Alguns painéis eletrônicos proibiam avançar além de onde estava. Ficou curioso.
Olhou em volta e não viu nenhuma câmara de vigilância. Ainda não haviam
instalado. Avançou com o monomobil até onde pôde. Daí pra frente, ao sair do veículo
refrigerado, teria que usar a capa defletora de raios solares. Mesmo protegido
pela capa o calor era intenso. Caminhou sobre a terra esturricada até as
ruínas. Nada de maior interesse lá, mas
viu um buraco que dava para o que era o porão do edifício. Uma escada de
degraus toscos de metal fora encostada. Celso 4268-Y arriscou. Chegado ao solo, iluminou o vasto recinto com
potente lanterna. Ficou maravilhado. Por toda parte, empilhados no chão ou
ainda fixados nas paredes, havia quadros pintados com as mais diversas cenas.

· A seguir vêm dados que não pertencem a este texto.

Lemma Eel0 : Adet q x (@delta_exp n) != 0 -> Eel q x 0 = 1.
Proof.
move=> A_neq0; rewrite Eel_nat //.
rewrite (_ : Adet q x (@alpha_E n 0) = Adet q x (@delta_exp n)) ?divff //.
rewrite /Adet; congr (\det _); apply/matrixP => i j.
by rewrite !mxE /alpha_E /delta_exp ltn0 addn0.
Qed.
End ElementarySubspaceFunctions.

Section Frobenius.
Variables (K : fieldType) (q : nat) (finv : K -> K).
Hypothesis exprDq : forall a b : K, (a + b) ^+ q = a ^+ q + b ^+ q.
Hypothesis finvK : forall y : K, finv y ^+ q = y.

Local Notation frob := (frob q finv).

Lemma exprBq (a b : K) : (a - b) ^+ q = a ^+ q - b ^+ q.
Proof. by apply/eqP; rewrite eq_sym subr_eq -exprDq subrK. Qed.

Lemma q_gt0 : (0 < q)%N.
Proof. by have := finvK 0; case: q => // /eqP; rewrite expr0 oner_eq0. Qed.

Lemma expq_inj : injective (fun y : K => y ^+ q).
Proof.
move=> y z /= /eqP; rewrite -subr_eq0 -exprBq expf_eq0 q_gt0 subr_eq0.
by move/eqP.
Qed.

Lemma finvB (a b : K) : finv (a - b) = finv a - finv b.
Proof. by apply: expq_inj; rewrite /= exprBq !finvK. Qed.

Lemma finvM (a b : K) : finv (a * b) = finv a * finv b.
Proof. by apply: expq_inj; rewrite /= exprMn !finvK. Qed.

Lemma finv1 : finv 1 = 1.
Proof. by apply: expq_inj; rewrite /= finvK expr1n. Qed.

Lemma frob_is_zmod_morphism e : zmod_morphism (frob e).
Proof.
case: e => k a b /=.
  elim: k => [|k IH]; first by rewrite !expn0 !expr1.
  by rewrite expnSr !exprM IH exprBq.
by elim: k => [|k IH]; rewrite /= ?IH finvB.
Qed.

Lemma frob_is_monoid_morphism e : monoid_morphism (frob e).
Proof.
case: e => k; split=> [|a b] /=; first by rewrite expr1n.
- by rewrite exprMn.
- by elim: k => [|k IH]; rewrite /= ?IH finv1.
- by elim: k => [|k IH]; rewrite /= ?IH finvM.
Qed.

HB.instance Definition _ e :=
  GRing.isZmodMorphism.Build K K (frob e) (frob_is_zmod_morphism e).
HB.instance Definition _ e :=
  GRing.isMonoidMorphism.Build K K (frob e) (frob_is_monoid_morphism e).

Lemma frobS e y : frob (e + 1) y = frob e y ^+ q.
Proof.
case: e => [k|[|k]]; first by rewrite /= -addn1 expnD expn1 exprM.
  by rewrite /= finvK expn0 expr1.
have -> : Negz k.+1 + 1 = Negz k by rewrite !NegzE; lia.
by rewrite /= finvK.
Qed.

Lemma frobDn (e : int) (k : nat) y : frob (e + k) y = frob e y ^+ (q ^ k).
Proof.
elim: k => [|k IH]; first by rewrite addr0 expn0 expr1.
by rewrite intS addrCA addrC frobS IH expnSr exprM.
Qed.

Lemma frobNzK k y : frob (Negz k) y ^+ (q ^ k.+1) = y.
Proof.
rewrite /=; elim: k => [|k IH]; first by rewrite expn1 finvK.
by rewrite iterS expnS exprM finvK.
Qed.

Lemma frob_comp a b y : frob a (frob b y) = frob (a + b) y.
Proof.
case: b => k; first by rewrite /= rmorphXn frobDn.
by rewrite -[in RHS](frobNzK k y) rmorphXn -frobDn NegzE addrNK.
Qed.

Lemma frob_Eel_root (n : nat) (x : 'I_n -> K) (a : 'I_n) (s : int) :
  \sum_(r < n.+1) (-1) ^+ r * frob s (Eel q x r) * frob (s + (n - r)%N) (x a) = 0.
Proof.
have := congr1 (fun z => frob s (z / Adet q x (@delta_exp n))) (sum_Adet_alpha_E_eq0 q x a).
rewrite /= mul0r rmorph0 mulr_suml rmorph_sum => sum0; rewrite -[RHS]sum0.
apply: eq_bigr => r _; rewrite Eel_nat -1?ltnS //.
rewrite -[x a ^+ _]/(frob (n - r)%N (x a)) -frob_comp mulrAC -mulrA !rmorphM rmorph_sign.
ring.
Qed.

Section Rectangle.
Variables (n m : nat) (x : 'I_n -> K).

Definition moore_mx : 'M[K]_n := \matrix_(i, j) x i ^+ (q ^ j).

Definition frob_powers_mx : 'M[K]_(n, m + n) :=
  \matrix_(a, c) frob (n%:Z + n%:Z - 1 - (c : nat)%:Z) (x a).

Definition Ecoef_mx : 'M[K]_(m + n, m) :=
  \matrix_(c, i) ((-1) ^+ absz ((c : nat)%:Z - (i : nat)%:Z)
                  * frob (n%:Z - 1 - (i : nat)%:Z) (Eel q x ((c : nat)%:Z - (i : nat)%:Z))).

Lemma frob_powers_mx_mul_Ecoef_mx : frob_powers_mx *m Ecoef_mx = 0.
Proof.
apply/matrixP => a i; rewrite !mxE.
pose G c := frob (n%:Z + n%:Z - 1 - c%:Z) (x a) * ((-1) ^+ absz (c%:Z - (i : nat)%:Z)
   * frob (n%:Z - 1 - (i : nat)%:Z) (Eel q x (c%:Z - (i : nat)%:Z))).
rewrite (eq_bigr (fun c : 'I_(m + n) => G c)); last by move=> c _; rewrite !mxE.
rewrite (@sum_ord_window _ _ i n G).
- rewrite -[RHS](frob_Eel_root x a (n%:Z - 1 - (i : nat)%:Z)); apply: eq_bigr => r _.
  rewrite /G (_ : (i + r)%N%:Z - (i : nat)%:Z = (r : nat)%:Z); last lia.
  rewrite /= mulrC -!mulrA; congr (_ * (_ * frob _ _)); have := ltn_ord r; lia.
- by have := ltn_ord i; lia.
- by move=> c hc; rewrite /G Eel_lt0 ?rmorph0 ?mulr0 //; lia.
- by move=> c hc; rewrite /G Eel_gt ?rmorph0 ?mulr0 //; lia.
Qed.

Lemma det_usubmx_Ecoef_mx : Adet q x (@delta_exp n) != 0 -> \det (usubmx Ecoef_mx) = 1.
Proof.
move=> A_neq0; rewrite det_trig; last first.
  apply/is_trig_mxP => c i hci; rewrite !mxE /= Eel_lt0; last lia.
  by rewrite rmorph0 mulr0.
by rewrite big1 // => i _; rewrite !mxE /= subrr /= Eel0 // rmorph1 expr0 mulr1.
Qed.

Lemma Ecoef_mx_eq0 : Adet q x (@delta_exp n) = 0 -> Ecoef_mx = 0.
Proof.
move=> A0; apply/matrixP => c i; rewrite !mxE /Eel A0 invr0 mulr0 if_same.
by rewrite rmorph0 mulr0.
Qed.

Definition moore_frob_mx : 'M[K]_n := \matrix_(i, j) frob ((n + j)%:Z - m%:Z) (x i).

Lemma rsubmx_frob_powers_mx :
  rsubmx frob_powers_mx = col_perm (perm (@rev_ord_inj n)) moore_frob_mx.
Proof. by apply/matrixP => i j; rewrite !mxE permE /=; congr frob; have := ltn_ord j; lia. Qed.

Lemma det_moore_frob_mx : \det moore_frob_mx = frob (n%:Z - m%:Z) (\det moore_mx).
Proof.
rewrite -det_map_mx; congr (\det _); apply/matrixP => i j.
rewrite !mxE (_ : (n + j)%:Z - m%:Z = n%:Z - m%:Z + j%:Z) -?(frob_comp (n%:Z - m%:Z)) //.
lia.
Qed.

Lemma Adet_delta_exp : Adet q x (@delta_exp n) = (-1) ^+ perm (@rev_ord_inj n) * \det moore_mx.
Proof.
rewrite -det_col_perm /Adet; congr (\det _); apply/matrixP => i j.
by rewrite !mxE permE /delta_exp /=; congr (_ ^+ (q ^ _)); lia.
Qed.

Variable mu : seq nat.
Hypotheses (mu_sub : subpart mu (nseq m n)) (mu_part : is_partition mu).

Definition vstep_ord (k : 'I_m) : 'I_(m + n) := Ordinal (vstep_lt mu_sub (ltn_ord k)).

Lemma Tskew_rect_rowsub : (0 < n)%N ->
  Tskew q finv x (nseq m n) mu = \det (rowsub vstep_ord Ecoef_mx).
Proof.
move=> n_gt0; have N_eq : maxn (ellp (nseq m n)) (ellp mu) = m.
  by rewrite /ellp count_nseq n_gt0 mul1n; apply/maxn_idPl/(conjp_le mu_sub mu_part).
rewrite /Tskew N_eq -det_tr; congr (\det _); apply/matrixP => i j.
rewrite !mxE /= nth_nseq ltn_ord -[mu`_i]/(nth 0%N mu i) /vstep.
have := nth_part_le mu_sub i => mu_i_le.
have -> : (n + i - nth 0 mu i)%N%:Z - j%:Z = n%:Z - (nth 0%N mu i)%:Z - j%:Z + i%:Z by lia.
by congr (_ * frob _ _); lia.
Qed.

Definition moore_conj_mx : 'M[K]_n :=
  \matrix_(i, j) frob ((n + j)%:Z - (conjp mu j.+1)%:Z) (x i).

Lemma det_col_mx_frob_powers_mx :
  \det (col_mx (rowsub vstep_ord 1%:M) frob_powers_mx) =
  (-1) ^+ (n * m + sumn mu) * \det (col_perm (perm (@rev_ord_inj n)) moore_conj_mx).
Proof.
pose xn (a : nat) := if insub a is Some i then x i else 0.
pose f (a c : nat) := frob (n%:Z + n%:Z - 1 - c%:Z) (xn a).
have -> : col_mx (rowsub vstep_ord 1%:M) frob_powers_mx = unitrow_mx m n f (vstep n mu).
  apply/matrixP => r c; rewrite !mxE; case: splitP => r' ->; rewrite !mxE.
    by rewrite eq_sym.
  by rewrite /f /xn addKn valK.
rewrite (det_unitrow_mx f (vstep_incr mu_sub mu_part) (@hstep_incr n mu) (vstep_lt mu_sub)
          (hstep_lt mu_sub mu_part) (vstep_neq_hstep mu_sub mu_part)).
congr (_ * _).
  have sign_neq0 : (-1) ^+ sumn mu != 0 :> K by rewrite signr_eq0.
  apply: (mulIf sign_neq0).
  rewrite -!exprD -addnA addnn sum_vstep // addnC !exprD -!muln2 !exprM.
  by rewrite !sqrr_sign.
congr (\det _); apply/matrixP => i j; rewrite !mxE permE /f /xn valK /hstep /=.
have -> : (n - j.+1).+1 = (n - j)%N by have := ltn_ord j; lia.
by congr frob; have := ltn_ord j; lia.
Qed.

Theorem Tskew_rect : (0 < n)%N -> (0 < m)%N ->
  Tskew q finv x (nseq m n) mu =
  (-1) ^+ (n * m + sumn mu) * \det moore_conj_mx / \det moore_frob_mx.
Proof.
move=> n_gt0 m_gt0; rewrite Tskew_rect_rowsub //.
have eps_neq0 : (-1) ^+ perm (@rev_ord_inj n) != 0 :> K by rewrite signr_eq0.
have [A0|A_neq0] := eqVneq (Adet q x (@delta_exp n)) 0.
  (* all E_r(V) are then junk values 0 / 0 = 0, and both sides vanish *)
  have moore0 : \det moore_mx = 0.
    by apply: (mulfI eps_neq0); rewrite -Adet_delta_exp A0 mulr0.
  rewrite Ecoef_mx_eq0 // det_moore_frob_mx moore0 rmorph0 invr0 mulr0.
  exact: det_rowsub0.
have den_neq0 : \det moore_frob_mx != 0.
  rewrite det_moore_frob_mx fmorph_eq0; apply: contra A_neq0 => /eqP moore0.
  by rewrite Adet_delta_exp moore0 mulr0.
have := det_col_mx_mul_kernel (rowsub vstep_ord 1%:M) frob_powers_mx_mul_Ecoef_mx.
rewrite det_usubmx_Ecoef_mx // mulr1 -rowsubE det_col_mx_frob_powers_mx rsubmx_frob_powers_mx.
rewrite !det_col_perm => key; apply: (mulIf (mulf_neq0 eps_neq0 den_neq0)).
rewrite -key [_ * \det moore_frob_mx]mulrC [RHS]mulrA divfK //.
by rewrite [_ * \det moore_conj_mx]mulrC mulrA.
Qed.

Retratos de pessoas, paisagens, animais, flores, cenas da vida de cidades
antigas.
Era
aquilo que em seu treinamento tinham chamado de museu, mas ele nunca tinha
visto. Nem lhe tinham mostrado as obras de arte que diziam ter existido
naqueles museus. Como lhe explicaram, elas tinham sido feitas com técnicas
primitivas usando tintas e pincéis e placas de madeira e tecido que nunca
conseguiriam chegar aos pés da arte cibernética com seus milhões de pixels e
cores infinitas!
Celso
4268-Y ficou parado frente a algumas telas encostadas na parede. Eram de um
mesmo sujeito, o mesmo estilo, as marcas da tinta aplicada em largas
pinceladas. O artista estava deslumbrado. Os rostos, alguns com infinita
tristeza e outros alegres em telas desbotadas, mas ainda coloridas. Nunca tinha
criado rostos ou algo expressivo. Era proibido. A arte devia servir apenas ao bem-estar
dos seres. Celso abaixou-se viu que em cada tela havia um conjunto de rabiscos
em preto. Era a escrita da época, manual, agora abandonada. Devia ser o nome do
pintor. As letras maiores, de formato padrão conseguiu ler, PORTINARI.
Numa
das telas havia um prédio antigo e um enorme veículo preto que reconheceu como
sendo um trem, equipamento que servia de transporte no segundo milênio. A tela
mostrava uma única pessoa no ato de embarcar no veículo. A destreza do pintor deu ao ato todo o
movimento do quadro. Um pé já dentro do trem, o outro ainda apoiado na
plataforma.
Celso,
mesmerizado, olhava fixamente a cena. Até que percebeu que o único passageiro
era o próprio pintor. Celso deu um passo adiante e se viu na plataforma. Entrou
no trem da Mogiana, a caminho de Brodowski.